Task details → Your task is to copy each line of the material below that includes "state".

Source data →
Definition local2 (tA yA tB yB : R) : 'M[R]_(2 + 2) -> 'M[R]_(2 + 2) :=
  gchan (block_mx (Num.sqrt tA)%:M 0 0 (Num.sqrt tB)%:M)
        (block_mx yA%:M 0 0 yB%:M).

Definition amp2 (aA aB : R) := local2 aA ((aA - 1) / 2) aB ((aB - 1) / 2).

Definition loss2 (lA lB : R) := local2 (1 - lA) (lA / 2) (1 - lB) (lB / 2).

End Defs.

From mathcomp Require Import all_boot all_order all_algebra.
From mathcomp Require Import ring lra.
Import Order.TTheory GRing.Theory Num.Theory.
Set Implicit Arguments. Unset Strict Implicit. Unset Printing Implicit Defensive.
Local Open Scope ring_scope.

(* Write p = 1/a_A and q = 1/a_B.  Loss is monotone and maps product
   covariance matrices to product covariance matrices, so it preserves
   separability; the amplifier is, up to the congruence by
   diag(sqrt a_A, sqrt a_B), the addition of vacuum noise with weights 1 - p
   and 1 - q.  If p + q <= 1, blending V + iΩ/2 >= 0 with its conjugate and
   with the added noise gives U + i(p+q)/2 (Ω ⊕ 0) >= 0 for the noisy matrix U,
   and the same with the modes exchanged.  The Schur complements S_A, S_B of U
   then satisfy S + i(p+q)/2 Ω >= 0, U >= S_A ⊕ 0 and U >= 0 ⊕ S_B, so
   U >= (p S_A ⊕ q S_B)/(p+q), which the amplifier turns into the product of the
   covariance matrices S_A/(p+q) and S_B/(p+q).  If p + q > 1, a two-mode
   squeezed vacuum whose EPR quadratures have variance e < p + q - 1 is mapped
   to a state violating the PPT condition W + i/2 (Ω ⊕ -Ω) >= 0 obeyed by every
   separable state. *)

Section HermitianForms.
Variable R : rcfType.

Definition bform m n (M : 'M[R]_(m, n)) (x : 'cV[R]_m) (y : 'cV[R]_n) : R :=
  (x^T *m M *m y) 0 0.

Lemma qformE n (M : 'M[R]_n) x : qform M x = bform M x x.
Proof. by []. Qed.

Lemma bformDm m n (M1 M2 : 'M[R]_(m, n)) x y :
  bform (M1 + M2) x y = bform M1 x y + bform M2 x y.
Proof. by rewrite /bform mulmxDr mulmxDl mxE. Qed.

Lemma bformZm m n a (M : 'M[R]_(m, n)) x y : bform (a *: M) x y = a * bform M x y.
Proof. by rewrite /bform -scalemxAr -scalemxAl mxE. Qed.

Lemma bformNm m n (M : 'M[R]_(m, n)) x y : bform (- M) x y = - bform M x y.
Proof. by rewrite -scaleN1r bformZm mulN1r. Qed.

Lemma bformBm m n (M1 M2 : 'M[R]_(m, n)) x y :
  bform (M1 - M2) x y = bform M1 x y - bform M2 x y.
Proof. by rewrite bformDm bformNm. Qed.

Written response →
   to a state violating the PPT condition W + i/2 (Ω ⊕ -Ω) >= 0 obeyed by every
   separable state. *)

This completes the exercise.